A recombinant Salmonella vaccine vector was constructed
A prokaryotic expression cassette was developed in which the gfp gene was fused in-frame with an E coli β-galactosidase α-fragment sequence (N-terminus) (Figure 1). The gfp gene was amplified and cloned into pGEM-Teasy plasmid vector. The β-galactosidase α-fragment with DNA sequence (5'-ATG ACC ATG ATT ACG CCA AGC TAT TTA GGT GAC ACT ATA GAA TAC TCA AGC TAT GCA TCC AAC GCG TTG GGA GCT CTC CCA TAT GGT CGA CCT GCA GGC GGC CGC GAA TTC ACT AGT GAT-3') had 24 amino acids (MTMITPSYLG DTIEYSSYAS NALGALPYGR PAGGREFTSD) and the peptide was 4.2 kDa in size. A small linker (L) sequence with 15 codons (5-TAT GGC GCC AAA GAC TCC GGC TCC GCC GGT TCC GCC GGC TCA GCT-3) was incorporated between the β-galactosidase α-fragment and gfp. The linker peptide had 15 amino acids (YGAKDSGSAG SAGSA) and a molecular weight of 1.266 kDa. The gfp gene had 237 amino acids (SKGEELFTGV VPILVELDGD VNGHKFSVSG EGEGDATYGK LTLKFICTTG KLPVPWPTLV TTFSYGVQCF SRYPDHMKRH DFFKSAMPEG YVQERTISFK DDGNYKTRAE VKFEGDTLVN RIELKGIDFK EDGNILGHKL EYNYNSHNVY ITADKQKNGI KANFKIRHNI EDGSVQLADH YQQNTPIGDG PVLLPDNHYL STQSALSKDP NEKRDHMVLL EFVTAAGITH GMDELYK) and a molecular weight of 26.6 kDa. The GFP contains a Balb/C mouse CD8+ T cell epitope, HYLSTQSAL. The whole β-galactosidase-GFP fusion protein was 32.1 kDa. A preferred translation stop codon (TAA G) which was incorporated in the PCR primer, GR, was found at the end of the gfp gene. There was also an extra stop codon, TAA T, one codon downstream the end of the gfp gene.
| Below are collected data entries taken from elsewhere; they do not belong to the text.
(* Both kinds of representation decide a comparison between an act f and a constant x
   by the sign of the expected utility of f on each prior (for a hope-and-prepare
   preference with C = D the min- and the max-condition then coincide), and strict
   expected-utility dominance on every prior implies strict preference.  Hence
   C0 <= co (U C_i) yields Pareto and co (U C_i) <= C0 yields caution, by averaging over
   the weights of a convex combination.
   Conversely, a prior q outside a weak*-compact convex set K of priors is strictly
   separated from K by an act: compactness provides finitely many events on which every
   p in K differs from q, the point of K nearest to q in these finitely many coordinates
   gives a separating linear functional, and that functional is, up to an increasing
   affine change, the expected utility of an act paying a mixture of two outcomes
   x1, x2 with u x1 < u x2 on each atom generated by the events.  Comparing this act
   with its certainty equivalent refutes Pareto when q is in C0 but outside the hull,
   and caution when q is in the hull but outside C0. *)

From HB Require Import structures.
From mathcomp Require Import all_boot all_order all_algebra.
From mathcomp Require Import all_classical all_reals all_analysis.
From mathcomp Require Import ring lra.
Set Implicit Arguments. Unset Strict Implicit. Unset Printing Implicit Defensive.
Import Order.TTheory GRing.Theory Num.Theory.
Import numFieldNormedType.Exports.
Local Open Scope classical_set_scope.
Local Open Scope ring_scope.

Lemma convex_comb_lt (R : realType) m (w a b : 'I_m -> R) :
  (forall k, 0 <= w k) -> \sum_(k < m) w k = 1 -> (forall k, a k < b k) ->
  \sum_(k < m) w k * a k < \sum_(k < m) w k * b k.
Proof.
move=> w_ge0 w_sum1 ab.
have [k wk_gt0] : exists k, 0 < w k.
  apply: contrapT => /forallNP w_le0; move/eqP: w_sum1; rewrite big1 1?eq_sym ?oner_eq0 //.
  by move=> k _; apply/eqP; rewrite eq_le w_ge0 andbT leNgt; apply/negP/w_le0.
rewrite -subr_gt0 -sumrB (bigD1 k) //= ltr_wpDr //.
  by apply: sumr_ge0 => i _; rewrite -mulrBr mulr_ge0 // subr_ge0 ltW.
by rewrite -mulrBr mulr_gt0 // subr_gt0.
Qed.

Lemma exists_le_convex_comb (R : realType) m (w a : 'I_m -> R) :
  (forall k, 0 <= w k) -> \sum_(k < m) w k = 1 ->
  exists k, a k <= \sum_(k < m) w k * a k.
Proof.
move=> w_ge0 w_sum1; apply: contrapT => /forallNP a_gt.
have lt_a k : \sum_(k < m) w k * a k < a k by rewrite ltNge; exact/negP/a_gt.
by have := convex_comb_lt w_ge0 w_sum1 lt_a; rewrite -mulr_suml w_sum1 mul1r ltxx.
Qed.

Section Events.
Context {S : Type} {Sig : set (set S)}.
Hypothesis hSig : is_algebra Sig.

Lemma algebraT : Sig setT.
Proof. by case: hSig. Qed.

Lemma algebraC A : Sig A -> Sig (~` A).
Proof. by case: hSig => _ [hC _]; exact: hC. Qed.

Lemma algebraU A B : Sig A -> Sig B -> Sig (A `|` B).
Proof. by case: hSig => _ [_ hU]; exact: hU. Qed.

Lemma algebra0 : Sig set0.
Proof. by rewrite -setCT; exact/algebraC/algebraT. Qed.

Lemma algebraI A B : Sig A -> Sig B -> Sig (A `&` B).
Proof.
by move=> SA SB; rewrite -[A `&` B]setCK setCI; apply/algebraC/algebraU; exact: algebraC.
Qed.

Section FinitelyAdditive.
Context {R : realType} (p : set S -> R).
Hypothesis hp : fa_prob Sig p.

Lemma fa_prob0 : p set0 = 0.
Proof.
case: hp => _ [_ [_ hadd]].
by have := hadd _ _ algebra0 algebra0 (setI0 _); rewrite setU0; lra.
Qed.

Lemma fa_prob_ge0 A : 0 <= p A.
Proof. by case: hp => out0 [ge0 _]; case: (pselect (Sig A)) => [/ge0 // | /out0 ->]. Qed.

Lemma fa_probT : p setT = 1.
Proof. by case: hp => _ [_ []]. Qed.

Lemma fa_probU A B : Sig A -> Sig B -> A `&` B = set0 -> p (A `|` B) = p A + p B.
Proof. by case: hp => _ [_ [_]]; apply. Qed.

End FinitelyAdditive.

Lemma fa_prob_comb {R : realType} m (w : 'I_m -> R) (ps : 'I_m -> set S -> R) :
  (forall k, 0 <= w k) -> \sum_(k < m) w k = 1 -> (forall k, fa_prob Sig (ps k)) ->
  fa_prob Sig (fun A => \sum_(k < m) w k * ps k A).
Proof.
move=> w_ge0 w_sum1 hps; split; [|split; [|split]].
- move=> A nSA; rewrite big1 // => k _.
  by case: (hps k) => out0 _; rewrite out0 ?mulr0.
- by move=> A _; apply: sumr_ge0 => k _; rewrite mulr_ge0 ?fa_prob_ge0.
- by rewrite -w_sum1; apply: eq_bigr => k _; rewrite fa_probT ?mulr1.
- move=> A B SA SB AB0; rewrite -big_split; apply: eq_bigr => k _.
  by rewrite fa_probU // mulrDr.
Qed.

Lemma co_fa_prob {R : realType} (P : set (set S -> R)) :
  P `<=` fa_prob Sig -> co P `<=` fa_prob Sig.
Proof.
by move=> PS _ [m [w [ps [w_ge0 [w_sum1 [Pps ->]]]]]]; apply: fa_prob_comb => // k; exact/PS.
Qed.

Lemma sub_co {R : realType} (P : set (set S -> R)) : P `<=` co P.
Proof.
move=> p Pp; exists 1%N, (fun=> 1), (fun=> p); split=> //; split; first by rewrite big_ord1.
by split=> //; apply/funext => A; rewrite big_ord1 mul1r.
Qed.

Section Partition.
Variables (T : finType) (iota : S -> T).
Hypothesis iota_meas : forall t, Sig (iota @^-1` [set t]).

Let preimage_nil : iota @^-1` [set t | t \in [::]] = set0.
Proof. by apply/seteqP; split=> s. Qed.

Let preimage_cons t r : iota @^-1` [set t' | t' \in t :: r] =
  iota @^-1` [set t] `|` iota @^-1` [set t' | t' \in r].
Proof.
apply/seteqP; split=> s /=; rewrite in_cons; first by case/orP => [/eqP|]; [left|right].
by case=> [->|->]; rewrite ?eqxx ?orbT.
Qed.

Let preimage_enum (Q : set T) :
  iota @^-1` Q = iota @^-1` [set t | t \in [seq t <- index_enum T | `[< Q t >]]].
Proof. by apply/seteqP; split=> s /=; rewrite mem_filter mem_index_enum andbT => /asboolP. Qed.

Lemma algebra_preimage (Q : set T) : Sig (iota @^-1` Q).
Proof.
rewrite preimage_enum; elim: [seq _ <- _ | _] => [|t r IH].
  by rewrite preimage_nil; exact: algebra0.
by rewrite preimage_cons; exact: algebraU.
Qed.

Lemma fa_prob_preimage {R : realType} (p : set S -> R) (Q : set T) : fa_prob Sig p ->
  p (iota @^-1` Q) = \sum_(t | `[< Q t >]) p (iota @^-1` [set t]).
Proof.
move=> hp; rewrite preimage_enum -big_filter.
elim: [seq _ <- _ | _] (filter_uniq (fun t => `[< Q t >]) (index_enum_uniq T)) => [|t r IH] /=.
  by rewrite preimage_nil big_nil fa_prob0.
case/andP => t_r /IH {}IH; rewrite preimage_cons big_cons fa_probU ?IH //;
  try exact: algebra_preimage.
by apply/seteqP; split=> s //= [-> ts]; rewrite ts in t_r.
Qed.

Lemma fa_prob_fibers {R : realType} (p : set S -> R) : fa_prob Sig p ->
  \sum_t p (iota @^-1` [set t]) = 1.
Proof.
move=> hp; rewrite -(fa_probT hp) -(preimage_setT iota) fa_prob_preimage //.
by apply: eq_bigl => t; rewrite asboolT.
Qed.

Let sum_eq_uniq {R : realType} (W : eqType) (r : seq W) (a : W) (c : R) : uniq r ->
  \sum_(x <- r) (if a == x then c else 0) = if a \in r then c else 0.
Proof.
elim: r => [|x r IH]; rewrite ?big_nil // big_cons in_cons => /andP [x_r /IH ->].
by case: eqP => [->|_]; rewrite ?(negbTE x_r) ?addr0 ?add0r.
Qed.

Lemma expect_fiberwise {R : realType} {V : lmodType R} (u : V -> R) (y : T -> V)
    (p : set S -> R) : fa_prob Sig p ->
  expect u (y \o iota) p = \sum_t u (y t) * p (iota @^-1` [set t]).
Proof.
move=> hp; have fin : finite_set (range (y \o iota)).
  apply: (sub_finite_set _ (finite_seq (map y (index_enum T)))).
  by move=> _ [s _ <-]; apply: map_f; exact: mem_index_enum.
rewrite /expect fsbig_finite //=; set r := finmap.enum_fset _.
transitivity (\sum_(x <- r) \sum_t (if y t == x then u (y t) * p (iota @^-1` [set t]) else 0)).
  apply: eq_bigr => x _; rewrite -[_ @^-1` _]/(iota @^-1` [set t | y t = x]).
  rewrite fa_prob_preimage // mulr_sumr big_mkcond; apply: eq_bigr => t _.
  by case: eqP => [<-|yx]; [rewrite asboolT | rewrite asboolF].
rewrite exchange_big; apply: eq_bigr => t _; rewrite sum_eq_uniq ?finmap.fset_uniq //.
case: ifPn => // /negP yt_r; suff -> : iota @^-1` [set t] = set0 by rewrite fa_prob0 ?mulr0.
apply/seteqP; split=> s //= iota_s; apply: yt_r.
by rewrite in_fset_set // inE; exists s; rewrite //= iota_s.
Qed.

End Partition.
End Events.

(* [compact_cover] is only available for pointed spaces. *)
HB.instance Definition _ (I : Type) (K : I -> ptopologicalType) :=
  isPointed.Build (prod_topology K) (fun i => point).

Lemma continuous_fst (T U : topologicalType) : continuous (@fst T U).
Proof. by move=> [x y]; exact: cvg_fst. Qed.

Lemma continuous_snd (T U : topologicalType) : continuous (@snd T U).
Proof. by move=> [x y]; exact: cvg_snd. Qed.

Lemma continuous_sum {R : realType} (T : topologicalType) (I : Type) (r : seq I)
    (F : I -> T -> R) :
  (forall i, continuous (F i)) -> continuous (fun x => \sum_(i <- r) F i x).
Proof. by move=> F_cont; apply: continuous_big => //; exact: add_continuous. Qed.

Lemma continuous_ptws {R : realType} (T : topologicalType) (I : Type)
    (g : T -> {ptws I -> R}) :
  (forall i, continuous (fun x => g x i)) -> continuous g.
Proof.
move=> g_cont x; apply/cvg_sup => i.
have evalT : range (fun h : I -> R => h i) = setT.
  by apply/seteqP; split=> // y _; exists (fun=> y).
apply/(cvg_image _ _ evalT) => A A_nbhs.
by exists ((fun h : I -> R => h i) @^-1` A); [exact: g_cont | exact: image_preimage].
Qed.

Lemma continuous_eval {R : realType} {S : Type} (A : set S) :
  continuous (fun p : {ptws set S -> R} => p A).
Proof. exact: (@proj_continuous _ (fun=> R) A). Qed.

Section Expectation.
Context {R : realType} {S : Type} {V : lmodType R} {Sig : set (set S)}.
Hypothesis hSig : is_algebra Sig.
Context {u : V -> R}.

Lemma is_act_cst (X : set V) x : X x -> is_act Sig X (fun=> x).
Proof.
move=> Xx; split=> //; split=> [|y]; first exact: finite_image_cst.
by rewrite preimage_cst; case: ifPn => _; [exact: algebraT | exact: algebra0].
Qed.

Lemma expect_cst x (p : set S -> R) : fa_prob Sig p -> expect u (fun=> x) p = u x.
Proof.
move=> hp; have tt_meas (t : unit) : Sig ((fun _ : S => tt) @^-1` [set t]).
  by rewrite preimage_cst; case: ifPn => _; [exact: algebraT | exact: algebra0].
rewrite -[fun=> x]/((fun=> x) \o (fun _ : S => tt)) (expect_fiberwise hSig tt_meas) //.
rewrite (big_pred1 tt) ?preimage_cst ?mem_set ?(fa_probT hp) ?mulr1 //; by case.
Qed.

Lemma expect_comb (f : S -> V) m (w : 'I_m -> R) (ps : 'I_m -> set S -> R) :
  finite_set (range f) ->
  expect u f (fun A => \sum_(k < m) w k * ps k A) = \sum_(k < m) w k * expect u f (ps k).
Proof.
move=> fin; rewrite /expect fsbig_finite //.
under [RHS]eq_bigr do rewrite fsbig_finite // mulr_sumr.
rewrite exchange_big; apply: eq_bigr => x _; rewrite mulr_sumr.
by apply: eq_bigr => k _; rewrite mulrCA.
Qed.

Lemma continuous_expect (f : S -> V) : finite_set (range f) ->
  continuous (fun p : {ptws set S -> R} => expect u f p).
Proof.
move=> fin; have -> : (fun p : {ptws set S -> R} => expect u f p) =
    (fun p => \sum_(x <- finmap.enum_fset (fset_set (range f))) u x * p (f @^-1` [set x])).
  by apply/funext => p; rewrite /expect fsbig_finite.
apply: continuous_sum => x p.
by apply: continuousM; [exact: cst_continuous | exact: continuous_eval].
Qed.

Section Extrema.
Variables (C : set (set S -> R)) (f : S -> V).
Hypotheses (C_neq0 : C !=set0) (C_compact : wstar_compact C) (f_fin : finite_set (range f)).

Let expect_argmin : exists2 p, C p & forall q, C q -> expect u f p <= expect u f q.
Proof.
have [p /set_mem Cp p_min] := @compact_EVT_min {ptws set S -> R} R _ C C_neq0 C_compact
  (continuous_subspaceT (continuous_expect f_fin)).
by exists p => // q /mem_set /p_min.
Qed.

Let expect_argmax : exists2 p, C p & forall q, C q -> expect u f q <= expect u f p.
Proof.
have [p /set_mem Cp p_max] := @compact_EVT_max {ptws set S -> R} R _ C C_neq0 C_compact
  (continuous_subspaceT (continuous_expect f_fin)).
by exists p => // q /mem_set /p_max.
Qed.

Lemma minE_le q : C q -> minE u C f <= expect u f q.
Proof.
have [p Cp p_min] := expect_argmin.
by move=> Cq; apply: ge_inf; [exists (expect u f p) => _ [r /p_min ? <-] | exists q].
Qed.

Lemma le_maxE q : C q -> expect u f q <= maxE u C f.
Proof.
have [p Cp p_max] := expect_argmax.
by move=> Cq; apply: ub_le_sup; [exists (expect u f p) => _ [r /p_max ? <-] | exists q].
Qed.

Lemma minE_attained : exists2 p, C p & minE u C f = expect u f p.
Proof.
have [p Cp p_min] := expect_argmin; exists p => //.
apply/le_anti; rewrite minE_le //=.
by apply: lb_le_inf; [exists (expect u f p); exists p | move=> _ [q /p_min ? <-]].
Qed.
Very high level constitutive expression of GFP antigen by the recombinant Salmonella enterica serovar Typhimurium, AroC+GFP, was demonstrated (Figure 2). Colonies and cultures of the bacterial vaccine, AroC+GFP, fluoresced brightly green under UV light. SDS-PAGE analysis showed that GFP antigen was the most highly expressed antigen by the Salmonella vaccine vector (Figure 2A). The GFP protein band was visible on the Coomassie-stained gel. Western blotting further confirmed that GFP antigen was expressed at very high levels by the vaccine vector (Figure 2B). There was no expression of GFP by the negative control vaccine, AroC+pGEM.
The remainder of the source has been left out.